# Chihuahuas and Strokes



## fecielo

Hello everyone. I used to be a member of this forum under a different name but have not been here in so long I have forgotten my screen name and have changed e-mails since. So here I am under a new name.

Here is my problem and I am really hoping that someone on here can give me advice.

My chi Chico is now almost 7 years old. I purchased him from what I later found out was a BYB and he has had trouble with seizures since the first day I got him. He laways recovers within a few seconds though.

Anyway, Friday evening i came home kind of late. Let my puppies out (2 chis and 1 terrier) Chico was fine when I went to bed. He was curled up w/mommy like always.

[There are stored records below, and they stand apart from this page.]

(* Let $\ell:K(H\times\mathrm{Id})\to HM$ be an abstract GSOS rule with $\ell$-interpretation $b$, let $k=c^{-1}\cdot Hb^\sharp:HMC\to C$, let $V$ be an endofunctor with $HM+V$ iteratable. Then every guarded recursive program scheme $e:V\to T^{HM+V}$ has a unique interpreted solution $s:VC\to C$ in the cia $(C,k)$, and $[k,s]:(HM+V)C\to C$ is a completely iterative algebra for $HM+V$.
   Context: Let $\mathcal A$ be a category with binary products and coproducts, let $H:\mathcal A\to\mathcal A$ be a functor with a terminal coalgebra $c:C\to HC$ (an isomorphism by Lambek's lemma), and let $K:\mathcal A\to\mathcal A$ be a functor such that every object $X$ has a free $K$-algebra $\varphi_X:KMX\to MX$ with universal morphism $\eta_X:X\to MX$; $(M,\eta,\mu)$ is the free monad on $K$. For a $K$-algebra $a:KA\to A$ let $a^\sharp:MA\to A$ be the unique $K$-algebra homomorphism with $a^\sharp\cdot\eta_A=\mathrm{id}_A$. An abstract GSOS rule is a natural transformation $\ell:K(H\times\mathrm{Id})\to HM$; its $\ell$-interpretation is the unique $b:KC\to C$ with $c\cdot b=Hb^\sharp\cdot\ell_C\cdot K\langle c,\mathrm{id}_C\rangle$. A $G$-algebra $a:GA\to A$ is a completely iterative algebra (cia) if every $e:X\to GX+A$ has a unique $e^\dagger:X\to A$ with $e^\dagger=[a,\mathrm{id}_A]\cdot(Ge^\dagger+\mathrm{id}_A)\cdot e$; $(C,k)$ is a cia for $HM$. An endofunctor $G$ is iteratable if for each $X$ a terminal coalgebra $T^GX$ for $G(-)+X$ exists, with inverse structure $[\tau^G_X,\eta^G_X]$; $T^G$ is a monad and $\kappa^G=\tau^G\cdot G\eta^G$. For an endofunctor $L$ with cia $(A,a)$ for $L$ and $L+V$ iteratable: a recursive program scheme is a natural transformation $e:V\to T^{L+V}$; it is guarded if $e=\tau^{L+V}\cdot(\mathrm{inl}\,T^{L+V})\cdot f$ for some natural $f:V\to LT^{L+V}$; an interpreted solution of $e$ in $(A,a)$ is a $V$-algebra $s:VA\to A$ for which there is an Eilenberg–Moore algebra $\beta:T^{L+V}A\to A$ for $T^{L+V}$ with $\beta\cdot\kappa^{L+V}_A=[a,s]$ and $s=\beta\cdot e_A$. Here $L=HM$. *)

From Stdlib Require Import Setoid.

Set Implicit Arguments.
Unset Strict Implicit.

Record Category := {
  Ob :> Type;
  Hom : Ob -> Ob -> Type;
  idm : forall X, Hom X X;
  comp : forall X Y Z, Hom Y Z -> Hom X Y -> Hom X Z;
  comp_id_l : forall X Y (f : Hom X Y), comp (idm Y) f = f;
  comp_id_r : forall X Y (f : Hom X Y), comp f (idm X) = f;
  comp_assoc : forall X Y Z W (f : Hom Z W) (g : Hom Y Z) (h : Hom X Y),
      comp f (comp g h) = comp (comp f g) h
}.

Arguments Hom {c} X Y.
Arguments idm {c} X.
Arguments comp {c X Y Z} g f.
Arguments comp_id_l {c X Y} f.
Arguments comp_id_r {c X Y} f.
Arguments comp_assoc {c X Y Z W} f g h.

Notation "g ∘ f" := (comp g f) (at level 40, left associativity).

Record Functor (A B : Category) := {
  fobj :> A -> B;
  fmap : forall X Y : A, Hom X Y -> Hom (fobj X) (fobj Y);
  fmap_id : forall X : A, fmap (idm X) = idm (fobj X);
  fmap_comp : forall (X Y Z : A) (g : Hom Y Z) (f : Hom X Y),
      fmap (g ∘ f) = fmap g ∘ fmap f
}.

Arguments fmap {A B} _ {X Y} _.

Record Products (A : Category) := {
  prod : A -> A -> A;
  pr1 : forall X Y, Hom (prod X Y) X;
  pr2 : forall X Y, Hom (prod X Y) Y;
  pair : forall Z X Y, Hom Z X -> Hom Z Y -> Hom Z (prod X Y);
  pair_pr1 : forall Z X Y (f : Hom Z X) (g : Hom Z Y), pr1 X Y ∘ pair f g = f;
  pair_pr2 : forall Z X Y (f : Hom Z X) (g : Hom Z Y), pr2 X Y ∘ pair f g = g;
  pair_unique : forall Z X Y (f : Hom Z X) (g : Hom Z Y) (h : Hom Z (prod X Y)),
      pr1 X Y ∘ h = f -> pr2 X Y ∘ h = g -> h = pair f g
}.

Record Coproducts (A : Category) := {
  cop : A -> A -> A;
  cinl : forall X Y, Hom X (cop X Y);
  cinr : forall X Y, Hom Y (cop X Y);
  copair : forall X Y Z, Hom X Z -> Hom Y Z -> Hom (cop X Y) Z;
  copair_inl : forall X Y Z (f : Hom X Z) (g : Hom Y Z), copair f g ∘ cinl X Y = f;
  copair_inr : forall X Y Z (f : Hom X Z) (g : Hom Y Z), copair f g ∘ cinr X Y = g;
  copair_unique : forall X Y Z (f : Hom X Z) (g : Hom Y Z) (h : Hom (cop X Y) Z),
      h ∘ cinl X Y = f -> h ∘ cinr X Y = g -> h = copair f g
}.

Arguments prod {A} _ X Y.
Arguments pr1 {A} _ X Y.
Arguments pr2 {A} _ X Y.
Arguments pair {A} _ {Z X Y} f g.
Arguments cop {A} _ X Y.
Arguments cinl {A} _ X Y.
Arguments cinr {A} _ X Y.
Arguments copair {A} _ {X Y Z} f g.

Unset Implicit Arguments.

Section Constructions.
Context {A : Category} (S : Coproducts A).

Definition copmap {X Y X' Y'} (f : Hom X X') (g : Hom Y Y') :
  Hom (cop S X Y) (cop S X' Y') :=
  copair S (cinl S X' Y' ∘ f) (cinr S X' Y' ∘ g).

Lemma copmap_id X Y : copmap (idm X) (idm Y) = idm (cop S X Y).
Proof.
  symmetry; apply copair_unique; rewrite comp_id_l, comp_id_r; reflexivity.
Qed.

Lemma copmap_comp X Y X' Y' X'' Y'' (f : Hom X X') (g : Hom Y Y')
  (f' : Hom X' X'') (g' : Hom Y' Y'') :
  copmap (f' ∘ f) (g' ∘ g) = copmap f' g' ∘ copmap f g.
Proof.
  unfold copmap; symmetry; apply copair_unique.
  - rewrite <- comp_assoc, copair_inl, comp_assoc, copair_inl, comp_assoc.
    reflexivity.
  - rewrite <- comp_assoc, copair_inr, comp_assoc, copair_inr, comp_assoc.
    reflexivity.
Qed.

Definition CopF (F G : Functor A A) : Functor A A.
Proof.
  refine {| fobj := fun X => cop S (F X) (G X);
            fmap := fun X Y f => copmap (fmap F f) (fmap G f) |}.
  - intros X; rewrite !fmap_id; apply copmap_id.
  - intros X Y Z g f; rewrite !fmap_comp; apply copmap_comp.
Defined.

Skip to the next morning. I got up early and let the dogs out like always except Chico didn't come. I found him in the dining room and when he saw me coming he rolled over on his back....now he does that all the time when he doesn't want to get up so it shoudn't have been a big deal but hi seyes looked funny to me. So I picked him up and took him outside and sat him down and that's when I saw that the legs on his right side didn't work. I was freaked. Now I have had him looked at and I am being told that there is not really anything that can be done for him but they tested him and said he knows his name, he's eating and drinking, and when they put their finger on his forehead he closes both eyes so it doesnt look like either side of his brain is damaged. They say he will recover in a few days but this is now Tuesday and I am still waiting for even a glimpse of my baby's old personality.

Has anyone else gone through this with their baby?


----------



## REBECCA

Sending prayers and hugs your way. I hope Chico is back to his old self very, very soon.


----------



## hallow91

I have no info for you. I just wanted to send positive vibes your way. Hope Chico gets well soon.


----------



## Krista

Awww poor little guy  I'm sorry I don't know anything about that in dogs but I really hope he recovers quickly.


----------



## BellaLina's Mom

I'm sorry to hear about Chico's illness. We hope Chico makes a speedy recovery.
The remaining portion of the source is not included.